Extracted records ::
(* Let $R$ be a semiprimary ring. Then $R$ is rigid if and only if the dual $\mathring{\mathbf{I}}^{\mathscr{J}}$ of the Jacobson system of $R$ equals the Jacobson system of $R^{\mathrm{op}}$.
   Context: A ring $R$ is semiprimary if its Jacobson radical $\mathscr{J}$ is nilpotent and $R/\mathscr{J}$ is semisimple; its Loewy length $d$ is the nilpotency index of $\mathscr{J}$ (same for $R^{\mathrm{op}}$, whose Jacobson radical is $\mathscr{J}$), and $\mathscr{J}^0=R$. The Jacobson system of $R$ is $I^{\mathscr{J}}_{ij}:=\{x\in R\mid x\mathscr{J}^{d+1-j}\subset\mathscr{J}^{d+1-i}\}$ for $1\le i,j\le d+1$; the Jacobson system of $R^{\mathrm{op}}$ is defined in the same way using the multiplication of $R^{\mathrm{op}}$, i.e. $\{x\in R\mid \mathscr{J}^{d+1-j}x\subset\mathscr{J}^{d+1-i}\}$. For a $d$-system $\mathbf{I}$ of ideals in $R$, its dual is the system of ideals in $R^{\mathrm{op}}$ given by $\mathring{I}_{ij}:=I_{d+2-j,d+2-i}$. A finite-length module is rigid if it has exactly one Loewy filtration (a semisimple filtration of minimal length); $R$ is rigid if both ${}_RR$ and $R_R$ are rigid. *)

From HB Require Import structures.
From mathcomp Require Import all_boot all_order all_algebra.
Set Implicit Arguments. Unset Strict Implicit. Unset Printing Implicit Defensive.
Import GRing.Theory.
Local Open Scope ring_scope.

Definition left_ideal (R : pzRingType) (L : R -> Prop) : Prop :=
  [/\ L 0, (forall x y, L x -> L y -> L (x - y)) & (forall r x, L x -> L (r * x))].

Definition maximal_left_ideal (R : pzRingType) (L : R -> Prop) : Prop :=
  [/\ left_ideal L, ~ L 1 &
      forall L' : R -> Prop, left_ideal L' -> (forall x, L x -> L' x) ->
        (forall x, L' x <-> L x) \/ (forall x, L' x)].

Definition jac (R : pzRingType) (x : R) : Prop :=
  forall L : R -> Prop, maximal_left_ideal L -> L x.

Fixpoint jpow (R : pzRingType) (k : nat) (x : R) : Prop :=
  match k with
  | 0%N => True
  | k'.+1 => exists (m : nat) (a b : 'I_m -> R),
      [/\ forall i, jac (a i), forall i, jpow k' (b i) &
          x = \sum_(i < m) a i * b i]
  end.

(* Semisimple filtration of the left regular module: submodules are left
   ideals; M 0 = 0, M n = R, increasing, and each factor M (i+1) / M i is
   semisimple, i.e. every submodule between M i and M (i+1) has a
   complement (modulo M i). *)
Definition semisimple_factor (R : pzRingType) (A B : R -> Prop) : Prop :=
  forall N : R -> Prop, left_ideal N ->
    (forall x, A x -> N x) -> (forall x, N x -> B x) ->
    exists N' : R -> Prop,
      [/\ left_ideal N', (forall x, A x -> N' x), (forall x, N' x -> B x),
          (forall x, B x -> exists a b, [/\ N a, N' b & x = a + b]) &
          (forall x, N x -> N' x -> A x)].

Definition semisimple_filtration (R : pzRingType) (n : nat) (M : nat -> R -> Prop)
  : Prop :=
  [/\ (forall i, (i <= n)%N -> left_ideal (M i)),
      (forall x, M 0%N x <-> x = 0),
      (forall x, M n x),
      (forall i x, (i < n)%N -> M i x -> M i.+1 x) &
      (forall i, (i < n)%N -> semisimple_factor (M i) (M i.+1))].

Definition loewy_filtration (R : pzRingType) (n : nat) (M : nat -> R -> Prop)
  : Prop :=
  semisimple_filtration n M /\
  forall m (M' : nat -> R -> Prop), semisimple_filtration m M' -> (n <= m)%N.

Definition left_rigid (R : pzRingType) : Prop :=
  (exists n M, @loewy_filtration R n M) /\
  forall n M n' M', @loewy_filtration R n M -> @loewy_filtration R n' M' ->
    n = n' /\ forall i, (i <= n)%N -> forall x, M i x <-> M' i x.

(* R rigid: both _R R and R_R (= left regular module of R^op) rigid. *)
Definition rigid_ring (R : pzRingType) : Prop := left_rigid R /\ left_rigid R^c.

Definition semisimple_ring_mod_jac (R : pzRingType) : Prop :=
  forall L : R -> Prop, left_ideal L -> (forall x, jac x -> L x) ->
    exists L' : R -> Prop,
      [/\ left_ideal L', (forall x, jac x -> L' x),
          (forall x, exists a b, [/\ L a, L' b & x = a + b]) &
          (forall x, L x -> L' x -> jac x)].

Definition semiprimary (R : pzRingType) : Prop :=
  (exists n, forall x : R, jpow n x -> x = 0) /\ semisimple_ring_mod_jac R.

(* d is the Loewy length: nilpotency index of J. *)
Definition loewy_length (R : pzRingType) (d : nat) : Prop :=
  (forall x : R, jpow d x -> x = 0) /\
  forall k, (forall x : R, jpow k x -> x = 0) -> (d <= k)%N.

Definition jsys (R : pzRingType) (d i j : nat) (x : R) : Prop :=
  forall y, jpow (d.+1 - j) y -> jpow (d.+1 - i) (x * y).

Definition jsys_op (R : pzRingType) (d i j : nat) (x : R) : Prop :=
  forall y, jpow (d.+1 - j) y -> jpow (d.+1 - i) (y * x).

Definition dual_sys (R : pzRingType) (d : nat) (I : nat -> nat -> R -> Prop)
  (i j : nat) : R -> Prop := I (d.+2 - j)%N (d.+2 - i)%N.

PROBLEM DETAILS :: Take the stretch of lines above from the one containing "Definition left_ideal (R" through the one containing "k'.+1 => exists" and repeat it exactly, adding no other line.

WRITTEN SOLUTION ::
Definition left_ideal (R : pzRingType) (L : R -> Prop) : Prop :=
  [/\ L 0, (forall x y, L x -> L y -> L (x - y)) & (forall r x, L x -> L (r * x))].

Definition maximal_left_ideal (R : pzRingType) (L : R -> Prop) : Prop :=
  [/\ left_ideal L, ~ L 1 &
      forall L' : R -> Prop, left_ideal L' -> (forall x, L x -> L' x) ->
        (forall x, L' x <-> L x) \/ (forall x, L' x)].

Definition jac (R : pzRingType) (x : R) : Prop :=
  forall L : R -> Prop, maximal_left_ideal L -> L x.

Fixpoint jpow (R : pzRingType) (k : nat) (x : R) : Prop :=
  match k with
  | 0%N => True
  | k'.+1 => exists (m : nat) (a b : 'I_m -> R),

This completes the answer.